Hier stelt ge uw wellust, uw behoud in; kwijnt de dagen
Die 't lot u toestond, door, in hijgend zelfverknagen,
Of waant, dat u 't verstand, verkracht en afgemat,
Den rotsgrond eens herscheppe in 't u verordend nat. -
Verdoolden, 't is vergeefsch! Gy zult op deze klippen
By 't klimmen van den dag de stikdood niet ontslippen.
Geheel een burgerschap uit d' eigen oceaan
Beproefde 't zelfde lot, en is, als gy, vergaan.
Ten zij een machtige arm u weêrgeeft aan de stroomen,
't Is uit, beklaagbre stoet, en met u omgekomen.
Maar, wanhoopt niet, houdt moed!

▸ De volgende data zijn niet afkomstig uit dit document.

(* Let $\operatorname{Li}_s(z)=\sum_{m=1}^\infty \frac{z^m}{m^s}$ denote the polylogarithm and $\zeta$ the Riemann zeta function. Then $$\int_0^1 \frac{\operatorname{Li}_4(-x)}{1 + x}\,dx = \frac{17}{16}\zeta (5) -\frac{3}{8}\zeta(2)\zeta(3) -\frac{7}{8}\log(2)\zeta(4).$$ *)

From Stdlib Require Import Reals.
From Coquelicot Require Import Coquelicot.
Open Scope R_scope.

Definition polylog (s : nat) (z : R) : R :=
  Series (fun n : nat => z ^ (S n) / (INR (S n)) ^ s).

Definition zeta (s : nat) : R :=
  Series (fun n : nat => / (INR (S n)) ^ s).

From Stdlib Require Import Reals Lra Lia.
From Coquelicot Require Import Coquelicot.
Open Scope R_scope.

(* Expanding Li_4(-x) = sum_m (-1)^m x^m / m^4, uniformly convergent on [0, 1], and
   using  int_0^1 x^m / (1 + x) dx = (-1)^m r_m  with  r_m = ln 2 + sum_{k <= m} (-1)^k / k,
   the integral is the limit of  I_N = sum_{m <= N} r_m / m^4.  Partial fractions on the
   diagonals of the double sum rewrite I_N as
     sum_{n <= N} r_(N-n) / n^4 - A_1 A_4 - A_2 A_3 + 2 H_5 + A_5   (all at N),
   where H_s and A_s are the partial sums of sum 1/k^s and sum (-1)^k/k^s.  Since
   |r_m| <= 1/(m+1) the convolution is O(1/N); along even N,
   A_s(2M) = -H_s(2M) + 2^(1-s) H_s(M) tends to (2^(1-s) - 1) zeta(s), and A_1 to -ln 2. *)

Fixpoint sum1 (f : nat -> R) (n : nat) : R :=
  match n with O => 0 | S k => sum1 f k + f (S k) end.

Lemma sum1_ext (f g : nat -> R) n :
  (forall k, (1 <= k <= n)%nat -> f k = g k) -> sum1 f n = sum1 g n.
Proof.
  induction n as [|n IH]; intros Hfg; simpl; [reflexivity|].
  rewrite IH, Hfg; [reflexivity | lia | intros k Hk; apply Hfg; lia].
Qed.

Lemma sum1_plus f g n : sum1 (fun k => f k + g k) n = sum1 f n + sum1 g n.
Proof. induction n as [|n IH]; simpl; [lra | rewrite IH; lra]. Qed.

Lemma sum1_scal c f n : sum1 (fun k => c * f k) n = c * sum1 f n.
Proof. induction n as [|n IH]; simpl; [lra | rewrite IH; lra]. Qed.

Lemma sum1_shift f n : sum1 f (S n) = f 1%nat + sum1 (fun k => f (S k)) n.
Proof. induction n as [|n IH]; simpl in *; [lra | rewrite IH; lra]. Qed.

Lemma sum1_rev f n : sum1 (fun k => f (S n - k)%nat) n = sum1 f n.
Proof.
  revert f; induction n as [|n IH]; intros f; [reflexivity|].
  rewrite (sum1_shift f), <- (IH (fun k => f (S k))); cbn [sum1].
  replace (S (S n) - S n)%nat with 1%nat by lia.
  rewrite (sum1_ext _ (fun k => f (S (S n - k)))); [lra|].
  intros k Hk; f_equal; lia.
Qed.

Lemma sum1_le f g n :
  (forall k, (1 <= k <= n)%nat -> f k <= g k) -> sum1 f n <= sum1 g n.
Proof.
  induction n as [|n IH]; intros Hfg; simpl; [lra|].
  apply Rplus_le_compat; [apply IH; intros k Hk|]; apply Hfg; lia.
Qed.

Lemma sum1_abs f n : Rabs (sum1 f n) <= sum1 (fun k => Rabs (f k)) n.
Proof.
  induction n as [|n IH]; simpl; [rewrite Rabs_R0; lra|].
  eapply Rle_trans; [apply Rabs_triang | lra].
Qed.

Lemma sum1_sum_f_R0 f n : sum1 f (S n) = sum_f_R0 (fun k => f (S k)) n.
Proof. induction n as [|n IH]; simpl in *; [lra | rewrite IH; lra]. Qed.

Lemma pow_m1_sqr k : (-1) ^ k * (-1) ^ k = 1.
Proof. rewrite <- pow_add; replace (k + k)%nat with (2 * k)%nat by lia; apply pow_1_even. Qed.

Lemma INR_S_gt0 n : 0 < INR (S n).
Proof. apply lt_0_INR; lia. Qed.

Definition harmonic (s N : nat) : R := sum1 (fun m => / INR m ^ s) N.
Definition alt_harmonic (s N : nat) : R := sum1 (fun m => (-1) ^ m / INR m ^ s) N.
Definition ln2_tail (m : nat) : R := ln 2 + alt_harmonic 1 m.

Lemma alt_harmonic_S s N :
  alt_harmonic s (S N) = alt_harmonic s N + (-1) ^ S N / INR (S N) ^ s.
Proof. reflexivity. Qed.

Lemma ln2_tail_S m :
  (-1) ^ S m * ln2_tail (S m) = / INR (S m) - (-1) ^ m * ln2_tail m.
Proof.
  unfold ln2_tail; rewrite alt_harmonic_S, <- tech_pow_Rmult, pow_1.
  assert (Hx := INR_S_gt0 m); assert (Hs := pow_m1_sqr m).
  set (s := (-1) ^ m) in *; set (x := INR (S m)) in *.
  transitivity (/ x * (s * s) - s * (ln 2 + alt_harmonic 1 m)).
  - field; lra.
  - rewrite Hs; ring.
Qed.

Lemma is_RInt_pow_01 m : is_RInt (fun x => x ^ m) 0 1 (/ INR (S m)).
Proof.
  assert (Hm := INR_S_gt0 m).
  replace (/ INR (S m)) with (1 ^ S m / INR (S m) - 0 ^ S m / INR (S m))
    by (rewrite pow1, pow_i by lia; field; lra).
  apply (is_RInt_derive (fun x => x ^ S m / INR (S m))).
  - intros x _; auto_derive; [easy|].
    change (match m with 0%nat => 1 | S _ => INR m + 1 end) with (INR (S m)).
    field; lra.
  - intros x _; apply (ex_derive_continuous (fun y => y ^ m)); auto_derive; easy.
Qed.

Lemma is_RInt_pow_div_1px m :
  is_RInt (fun x => x ^ m / (1 + x)) 0 1 ((-1) ^ m * ln2_tail m).
Proof.
  induction m as [|m IH].
  - replace ((-1) ^ 0 * ln2_tail 0) with (ln (1 + 1) - ln (1 + 0))
      by (unfold ln2_tail, alt_harmonic; simpl; rewrite Rplus_0_r, ln_1;
          replace (1 + 1) with 2 by ring; ring).
    apply (is_RInt_derive (fun x => ln (1 + x))); intros x Hx;
      rewrite Rmin_left, Rmax_right in Hx by lra.
    + auto_derive; [lra | field; lra].
    + apply (ex_derive_continuous (fun y => y ^ 0 / (1 + y))); auto_derive; lra.
  - rewrite ln2_tail_S.
    apply (is_RInt_ext (fun x => x ^ m - x ^ m / (1 + x))).
    { intros x Hx; rewrite Rmin_left, Rmax_right in Hx by lra; simpl; field; lra. }
    exact (is_RInt_minus _ _ _ _ _ _ (is_RInt_pow_01 m) IH).
Qed.

(* [ln2_tail m] is, up to sign, the integral of [x^m / (1+x)]; the integrand
   is positive and adding two consecutive ones gives [x^m]. *)
Lemma Rabs_ln2_tail_le m : Rabs (ln2_tail m) <= / INR (S m).
Proof.
  assert (Hint : forall k, 0 <= (-1) ^ k * ln2_tail k).
  { intros k; apply (is_RInt_ge_0 _ 0 1 _ ltac:(lra) (is_RInt_pow_div_1px k)).
    intros x Hx; apply Rdiv_le_0_compat; [apply pow_le|]; lra. }
  assert (HS := Hint (S m)); rewrite ln2_tail_S in HS.
  replace (ln2_tail m) with ((-1) ^ m * ((-1) ^ m * ln2_tail m))
    by (rewrite <- Rmult_assoc, pow_m1_sqr; ring).
  rewrite Rabs_mult, <- RPow_abs, Rabs_m1, pow1, Rabs_pos_eq by apply Hint.
  lra.
Qed.

Lemma is_RInt_polylog_partial s N :
  is_RInt (fun x => sum1 (fun m => (- x) ^ m / INR m ^ s) N / (1 + x)) 0 1
    (sum1 (fun m => ln2_tail m / INR m ^ s) N).
Proof.
  induction N as [|N IH].
  - apply (is_RInt_ext (fun _ => 0)).
    { intros x Hx; rewrite Rmin_left, Rmax_right in Hx by lra; simpl; field; lra. }
    replace (sum1 (fun m => ln2_tail m / INR m ^ s) 0) with (scal (1 - 0) 0)
      by (cbn; unfold mult; simpl; ring).
    apply (is_RInt_const (V := R_NormedModule)).
  - set (c := (-1) ^ S N / INR (S N) ^ s).
    apply (is_RInt_ext (fun x => plus (sum1 (fun m => (- x) ^ m / INR m ^ s) N / (1 + x))
                                      (scal c (x ^ S N / (1 + x))))).
    { intros x Hx; rewrite Rmin_left, Rmax_right in Hx by lra.
      assert (Hk := INR_S_gt0 N); unfold c; cbn [sum1]; set (k := INR (S N)) in *.
      unfold plus, scal; simpl; unfold mult; simpl.
      replace (- x) with (-1 * x) by ring; rewrite Rpow_mult_distr.
      field; split; [apply pow_nonzero|]; lra. }
    replace (sum1 _ (S N)) with (plus (sum1 (fun m => ln2_tail m / INR m ^ s) N)
                                      (scal c ((-1) ^ S N * ln2_tail (S N)))).
    + apply (is_RInt_plus (V := R_NormedModule)); [exact IH|].
      apply (is_RInt_scal (V := R_NormedModule)), is_RInt_pow_div_1px.
    + assert (Hk := INR_S_gt0 N); assert (Hs := pow_m1_sqr (S N)).
      unfold c; cbn [sum1]; set (k := INR (S N)) in *; set (sg := (-1) ^ S N) in *.
      unfold plus, scal; simpl; unfold mult; simpl.
      transitivity (sum1 (fun m => ln2_tail m / INR m ^ s) N
                    + sg * sg * ln2_tail (S N) / k ^ s).
      * field; apply pow_nonzero; lra.
      * rewrite Hs; field; apply pow_nonzero; lra.
Qed.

Een arm die dit vermag,
Is hulprede uitgestrekt, voorkoomt uw zelfbeklag,
En biedt u d' overtocht. Verheft uw kwijnende oogen
(Die poging is genoeg) slechts eenmaal naar den hoogen!

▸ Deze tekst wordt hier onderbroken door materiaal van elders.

(* Assume the refinement setting of the context, and assume $F(u)=u$, $G(u)=u$, $p\cap\overline{q}\subseteq F(p\cup q)$, $p\cap\overline{q}\subseteq\mathrm{grd}(G)$ and $p\cap\overline{q}\subseteq G(q)$. Let $p'=r^{-1}[p]$ and $q'=r^{-1}[q]$. Then $p'\cup q'\subseteq{\cal L}(X'(q'))(q')$, where ${\cal L}(X'(q'))(s)$ denotes the greatest fixpoint of the monotone map $Y\mapsto q'\cup\big(G'(s)\cap F'(Y)\cap H(Y)\big)$ on $\mathbb{P}(v)$ (the liberal set transformer of the concrete fair iteration $X'(q')=\overline{q'}\Longrightarrow(((F'\sqcap H);X'(q'))\mathrel{\triangledown} G')$).
   Context: Refinement setting: $u$ (abstract states) and $v$ (concrete states) are sets; $F,G$ are conjunctive set transformers on $u$ and $F',G',H$ conjunctive set transformers on $v$ (conjunctive = preserves intersections of nonempty families of subsets, hence monotone). $\mathrm{grd}(E)=\overline{E(\varnothing)}$. $r\subseteq v\times u$ is a total relation (every $y\in v$ is related to some $x\in u$). For $a\subseteq v$, $r[a]=\{x\in u\mid\exists y\in a,(y,x)\in r\}$; for $b\subseteq u$, $r^{-1}[b]=\{y\in v\mid\exists x\in b,(y,x)\in r\}$. Complements $\overline{\cdot}$ are taken in $u$ for subsets of $u$ and in $v$ for subsets of $v$. The refinement conditions are: for all $s\subseteq v$, $F(\overline{r[\overline{s}]})\subseteq\overline{r[\overline{F'(s)}]}$, $G(\overline{r[\overline{s}]})\subseteq\overline{r[\overline{G'(s)}]}$, and $\overline{r[\overline{s}]}\subseteq\overline{r[\overline{H(s)}]}$. $p,q\subseteq u$. The choice $F'\sqcap H$ is $s\mapsto F'(s)\cap H(s)$. *)

From mathcomp Require Import all_boot.
From mathcomp Require Import boolp classical_sets.
Set Implicit Arguments. Unset Strict Implicit. Unset Printing Implicit Defensive.
Local Open Scope classical_set_scope.

Definition transformer (T : Type) := set T -> set T.

Definition conjunctive (T : Type) (E : transformer T) : Prop :=
  forall S : set (set T), S !=set0 ->
    E (\bigcap_(X in S) X) = \bigcap_(X in S) E X.

Definition grd (T : Type) (E : transformer T) : set T := ~` E set0.

Definition rimg (V U : Type) (r : V -> U -> Prop) (a : set V) : set U :=
  [set x | exists2 y, a y & r y x].
Definition rpre (V U : Type) (r : V -> U -> Prop) (b : set U) : set V :=
  [set y | exists2 x, b x & r y x].

Definition total_rel (V U : Type) (r : V -> U -> Prop) : Prop :=
  forall y : V, exists x : U, r y x.

(* Greatest fixpoint of a (monotone) map on P(T): union of all post-fixpoints
   (Knaster–Tarski). *)
Definition gfp (T : Type) (f : set T -> set T) : set T :=
  \bigcup_(Y in [set Y | Y `<=` f Y]) Y.

(* Liberal set transformer L(X'(q'))(s) of the concrete fair iteration
   X'(q') = ~q' ==> (((F' ⊓ H); X'(q')) ▽ G'): greatest fixpoint of
   Y |-> q' ∪ (G'(s) ∩ F'(Y) ∩ H(Y)). *)
Definition Lfair (V : Type) (F' G' H : transformer V) (q' s : set V) : set V :=
  gfp (fun Y => q' `|` (G' s `&` F' Y `&` H Y)).

(* The set Y := r^{-1}[p] ∪ r^{-1}[q] is a post-fixpoint of the map whose
   greatest fixpoint is L(X'(q'))(q').  The refinement conditions say that
   preimages under r are carried along: if r^{-1}[b] ⊆ s then
   r^{-1}[E(b)] ⊆ E'(s).  A point of Y outside q' lies above some x ∈ p ∖ q,
   and the hypotheses on F and G at x transfer to F'(Y) and G'(q'), while H
   preserves r^{-1}[p] ⊆ Y. *)
From mathcomp Require Import all_boot.
From mathcomp Require Import boolp classical_sets.
Set Implicit Arguments. Unset Strict Implicit.
Local Open Scope classical_set_scope.

Lemma conjunctive_mono (T : Type) (E : transformer T) :
  conjunctive E -> {homo E : A B / A `<=` B}.
Proof.
move=> cE A B AB.
set S := [set X | X = A \/ X = B].
have capS : \bigcap_(X in S) X = A.
  by apply/seteqP; split=> [x /(_ A (or_introl erefl))//|x Ax X [->|->]//]; exact: AB.
have := cE S (ex_intro _ A (or_introl erefl)); rewrite capS => ->.
by move=> x /(_ B (or_intror erefl)).
Qed.

Lemma sub_gfp (T : Type) (f : set T -> set T) (Y : set T) :
  Y `<=` f Y -> Y `<=` gfp f.
Proof. by move=> Yf y Yy; exists Y. Qed.

Section Refinement.
Variables (U V : Type) (r : V -> U -> Prop).

Lemma rpreU (a b : set U) : rpre r (a `|` b) = rpre r a `|` rpre r b.
Proof.
apply/seteqP; split=> [y [x [ax|bx] rxy]|y [[x ax rxy]|[x bx rxy]]].
- by left; exists x.
- by right; exists x.
- by exists x => //; left.
- by exists x => //; right.
Qed.

Lemma sub_rimgCC (b : set U) (s : set V) :
  rpre r b `<=` s -> b `<=` ~` rimg r (~` s).
Proof. by move=> bs x bx [y nsy ryx]; apply: nsy; apply: bs; exists x. Qed.

Lemma rimgCC_rel (s : set V) (x : U) (y : V) :
  (~` rimg r (~` s)) x -> r y x -> s y.
Proof. by move=> sx ryx; apply: contrapT => nsy; apply: sx; exists y. Qed.

Lemma refines_rpre (E : transformer U) (E' : transformer V) :
  {homo E : A B / A `<=` B} ->
  (forall s, E (~` rimg r (~` s)) `<=` ~` rimg r (~` E' s)) ->
  forall b s, rpre r b `<=` s -> rpre r (E b) `<=` E' s.
Proof.
move=> monoE refE b s bs y [x Ebx ryx].
exact: rimgCC_rel (refE s x (monoE _ _ (sub_rimgCC bs) x Ebx)) ryx.
Qed.

End Refinement.

(* Only the liberal transformer is concerned. *)
Theorem lemma5 (u v : Type) (F G : transformer u) (F' G' H : transformer v)
  (r : v -> u -> Prop) (p q : set u) :
  conjunctive F -> conjunctive G ->
  conjunctive F' -> conjunctive G' -> conjunctive H ->
  total_rel r ->
  (forall s : set v, F (~` rimg r (~` s)) `<=` ~` rimg r (~` F' s)) ->
  (forall s : set v, G (~` rimg r (~` s)) `<=` ~` rimg r (~` G' s)) ->
  (forall s : set v, ~` rimg r (~` s) `<=` ~` rimg r (~` H s)) ->
  F setT = setT -> G setT = setT ->
  p `&` ~` q `<=` F (p `|` q) ->
  p `&` ~` q `<=` grd G ->
  p `&` ~` q `<=` G q ->
  rpre r p `|` rpre r q `<=` Lfair F' G' H (rpre r q) (rpre r q).
Proof.
move=> cF cG _ _ _ _ refF refG refH _ _ pqF _ pqG.
apply: sub_gfp => y [py|qy]; last by left.
have [qy|nqy] := pselect (rpre r q y); first by left.
right; have [x px ryx] := py.
have pqx : (p `&` ~` q) x by split=> // qx; apply: nqy; exists x.
split; first split.
- by apply: (refines_rpre (conjunctive_mono cG) refG (@subset_refl _ _)); exists x; [exact: pqG|].
- apply: (refines_rpre (conjunctive_mono cF) refF (b := p `|` q)); first by rewrite rpreU.
  by exists x; [exact: pqF|].
- by apply: (refines_rpre (E := id) (fun _ _ AB => AB) refH (b := p)) => [z pz|]; [left|exists x].
Qed.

Begeert het, en uw lot verandert. 't Eindloos meir
Van heil ontsluit zijn' schoot, en vraagt zijn burgers weêr.
Een stem: Wilt zalig zijn, doorklinkt de wareldoorden!

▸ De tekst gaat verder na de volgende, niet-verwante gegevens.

(* Let $L=K_1\cup\cdots\cup K_n$ be a virtual $n$-string link, where $K_i$ is the string starting at $(i,1)$, and write its bowling ball matrix as $M(L)=(a_{ij}s+b_{ij})_{n\times n}$ with $a_{ij}\in\mathbb{Z}$, $b_{ij}\in\{0,1\}$. Let $a_i(L)=\max_{1\le j\le n}|a_{ij}|$, and let $lk_v(L;K_i)$ be the minimum, over all virtual string link diagrams representing $L$, of the number of virtual crossings between $K_i$ and the strings $K_j$, $j\neq i$. Then $lk_v(L;K_i)\ge a_i(L)$.
   Context: A virtual $n$-string link diagram is a collection of $n$ oriented immersed strings in $\mathbb{R}\times[0,1]$, the $i$-th running from $(i,1)$ to $(\pi(i),0)$ for a permutation $\pi$, whose crossings are either real (with over/under information) or virtual; virtual string links are equivalence classes of such diagrams under generalized Reidemeister moves (classical moves, virtual moves and the mixed move). Bowling ball matrix $M(L)$: a ball travels from a top endpoint along the orientation. At a real crossing it always continues along its strand (weight $1$). At a virtual crossing, rotated so both strands point downward, a ball arriving along the strand entering from the upper left jumps to the other strand with weight $s$ and continues with weight $1-s$; a ball arriving along the strand from the upper right jumps with weight $-s$ and continues with weight $1+s$; here $s^2=0$. A path's weight is the product of the weights at the virtual crossings it passes, and $m_{ij}\in\mathbb{Z}[s]/(s^2)$ is the sum of the weights of all paths from $(i,1)$ to $(j,0)$ (only finitely many have nonzero weight). $M(L)$ is an invariant of the virtual string link and each entry has the form $as+b$ with $a\in\mathbb{Z}$, $b\in\{0,1\}$. *)

From mathcomp Require Import all_boot all_algebra.
Set Implicit Arguments. Unset Strict Implicit. Unset Printing Implicit Defensive.
Import GRing.Theory Num.Theory.

(* Diagrams.  A diagram in R x [0,1] in general position with respect to the *)
(* height function is cut into horizontal slices, read from top (height 1)   *)
(* to bottom (height 0).  Level l (l = 0 .. size D) is a horizontal line     *)
(* meeting the diagram in [width l] points, numbered 0,1,... from left to    *)
(* right; level 0 is the top line, level (size D) the bottom line.  Slice l  *)
(* lies between levels l and l+1 and contains exactly one elementary piece:  *)
(*  - SCross k b : a real crossing between the strand joining top point k to *)
(*                 bottom point k+1 (the "A-line") and the strand joining    *)
(*                 top point k+1 to bottom point k (the "B-line"); b says    *)
(*                 whether the A-line is the over strand;                    *)
(*  - SVirt k    : a virtual crossing between the same two lines;            *)
(*  - SCup k     : a local minimum joining top points k and k+1 (width -2);  *)
(*  - SCap k     : a local maximum creating bottom points k and k+1 (+2).    *)
(* All other points go straight through.                                     *)

Inductive slice : Type :=
| SCross of nat & bool
| SVirt of nat
| SCup of nat
| SCap of nat.

Definition diagram := seq slice.

Definition width_after (w : nat) (s : slice) : nat :=
  match s with SCup _ => w - 2 | SCap _ => w + 2 | _ => w end.

Definition slice_ok (w : nat) (s : slice) : bool :=
  match s with
  | SCross k _ | SVirt k | SCup k => k.+1 < w
  | SCap k => k <= w
  end.

Fixpoint shape_ok (w n : nat) (D : diagram) : bool :=
  match D with
  | [::] => w == n
  | s :: D' => slice_ok w s && shape_ok (width_after w s) n D'
  end.

Fixpoint widths (w : nat) (D : diagram) : seq nat :=
  match D with
  | [::] => [:: w]
  | s :: D' => w :: widths (width_after w s) D'
  end.

Definition width (n : nat) (D : diagram) (l : nat) : nat := nth 0 (widths n D) l.

Definition sl (D : diagram) (l : nat) : slice := nth (SVirt 0) D l.

Definition swap (k p : nat) : nat :=
  if p == k then k.+1 else if p == k.+1 then k else p.

(* A state (l, p, dn): the traveller is at point p of level l and is about  *)
(* to move downward (dn = true, through slice l) or upward (dn = false,     *)
(* through slice l-1).                                                       *)
Definition state := (nat * nat * bool)%type.

(* A passage through a virtual crossing: (slice index, on the A-line?,       *)
(* traversed downward?).                                                     *)
Definition passage := (nat * bool * bool)%type.

Definition step (D : diagram) (st : state) : option (state * option passage) :=
  let: (l, p, dn) := st in
  if dn then
    match sl D l with
    | SCross k _ => Some ((l.+1, swap k p, true), None)
    | SVirt k => Some ((l.+1, swap k p, true),
                       if (p == k) || (p == k.+1) then Some (l, p == k, true) else None)
    | SCup k => if p == k then Some ((l, k.+1, false), None)
                else if p == k.+1 then Some ((l, k, false), None)
                else if p < k then Some ((l.+1, p, true), None)
                else Some ((l.+1, p - 2, true), None)
    | SCap k => if p < k then Some ((l.+1, p, true), None)
                else Some ((l.+1, p + 2, true), None)
    end
  else
    match l with
    | 0 => None (* would leave through the top line: not allowed *)
    | l'.+1 =>
      match sl D l' with
      | SCross k _ => Some ((l', swap k p, false), None)
      | SVirt k => Some ((l', swap k p, false),
                         if (p == k) || (p == k.+1) then Some (l', p == k.+1, false) else None)
      | SCup k => if p < k then Some ((l', p, false), None)
                  else Some ((l', p + 2, false), None)
      | SCap k => if p == k then Some ((l, k.+1, true), None)
                  else if p == k.+1 then Some ((l, k, true), None)
                  else if p < k then Some ((l', p, false), None)
                  else Some ((l', p - 2, false), None)
      end
    end.

Definition ocons (T : Type) (o : option T) (s : seq T) : seq T :=
  match o with Some x => x :: s | None => s end.

Fixpoint trace (D : diagram) (fuel : nat) (st : state)
  : option (seq passage * seq state * nat) :=
  match fuel with
  | 0 => None
  | f.+1 =>
    if st.2 && (st.1.1 == size D) then Some ([::], [:: st], st.1.2) else
    match step D st with
    | None => None
    | Some (st', op) =>
      match trace D f st' with
      | None => None
      | Some (ps, vs, e) => Some (ocons op ps, st :: vs, e)
      end
    end
  end.

(* The dynamics is deterministic, reversible and the start state has no     *)
(* predecessor, so a trajectory never repeats a state; this fuel (number of *)
(* states + 1) is therefore always sufficient.                              *)
Definition fuel (n : nat) (D : diagram) : nat := (2 * sumn (widths n D)).+2.

Definition string_trace (n : nat) (D : diagram) (i : nat) :=
  trace D (fuel n D) (0, i, true).

Definition passages (n : nat) (D : diagram) (i : nat) : seq passage :=
  match string_trace n D i with Some (ps, _, _) => ps | None => [::] end.
Definition visited (n : nat) (D : diagram) (i : nat) : seq state :=
  match string_trace n D i with Some (_, vs, _) => vs | None => [::] end.
Definition endpos (n : nat) (D : diagram) (i : nat) : nat :=
  match string_trace n D i with Some (_, _, e) => e | None => 0 end.

(* A virtual n-string link diagram: consistent shape with n top and n bottom *)
(* points, every string started at a top point ends at a bottom point, and   *)
(* there are no closed components (every point of every level lies on one   *)
(* of the n strings).                                                        *)
Definition vsl_diagram (n : nat) (D : diagram) : bool :=
  shape_ok n n D
  && all (fun i => string_trace n D i != None) (iota 0 n)
  && all (fun l => all (fun p => has (fun i => ((l, p, true) \in visited n D i)
                                            || ((l, p, false) \in visited n D i))
                                     (iota 0 n))
                       (iota 0 (width n D l)))
         (iota 0 (size D).+1).

(* Virtual crossings along the strings.  Passage t of string k (the t-th     *)
(* virtual crossing met along K_k) has a partner: the other passage through  *)
(* the same virtual crossing.                                                *)

Definition dpass : passage := (0, false, false).

Definition partner (n : nat) (D : diagram) (k t : nat) : option (nat * nat) :=
  let l := (nth dpass (passages n D k) t).1.1 in
  ohead [seq kt <- [seq (k', t') | k' <- iota 0 n, t' <- iota 0 (size (passages n D k'))]
         | (kt != (k, t)) && ((nth dpass (passages n D kt.1) kt.2).1.1 == l)].

(* Is passage t of string k the strand entering from the upper left, once the *)
(* crossing is rotated so that both strands point downward?  Direction        *)
(* vectors: A-line down (1,-1), up (-1,1); B-line down (-1,-1), up (1,1).     *)
(* The upper-left strand L and upper-right strand R satisfy det(L,R) < 0,     *)
(* which gives: the A-line strand is L iff both strands have the same         *)
(* vertical direction.                                                        *)
Definition upper_left (n : nat) (D : diagram) (k t : nat) : bool :=
  let p := nth dpass (passages n D k) t in
  match partner n D k t with
  | Some (k', t') => p.1.2 == (p.2 == (nth dpass (passages n D k') t').2)
  | None => p.1.2
  end.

Haar weêrgalm bonst in 't hart, van middagzon tot noorden.
Doch neen, men hoort haar niet, men smoort haar luiden kreet,
En, van de redding warsch, behaagt men zich in 't leed.
Behaagt men zich in 't leed? - Ja, dringt in 't krimpend woelen
Zich pijn en onlust op als vreugde en lustgevoelen!
Men torscht zijn kluister, draagt zijn dierlijk juk gebukt,
En lochent aan zich-zelf hoe fel de ballast drukt.
| |
[pagina 162]
| |
Bestemd, in eedler kreits om de eerste palm te draven,
Gewent ge, ontadeld ros, aan torschen, trekken, slaven;
En neemt de builen, neemt de wonden, dankende aan,
Die prikkel, roede, en zweep in 't wagglend lichaam slaan;
Zoekt hier in 't krijten troost, en elders in 't verharden,
Maar siddert op 't besef van eenmaal vrij te werden.
Weldadige Natuur, gy wrocht dit! 't Is uw hand
Die alles wat bestaat naar doel begaafde en stand.
Gy, die den stervling zaagt in duizend wreede plagen,
Onthieldt hem 't middel niet om alle leed te dragen!
Gewoonte, heilzaam eelt en onwaardeerbre roof,
Maakt zielen voor 't gevoel van eigen kwetsing doof,
Ja, schept genoegens zelfs uit lijden. Teedre moeder!
Door haar vervormt ge gift in levenbatend voeder;
Door haar het schrikbre wee in schijnbaar lustgenot.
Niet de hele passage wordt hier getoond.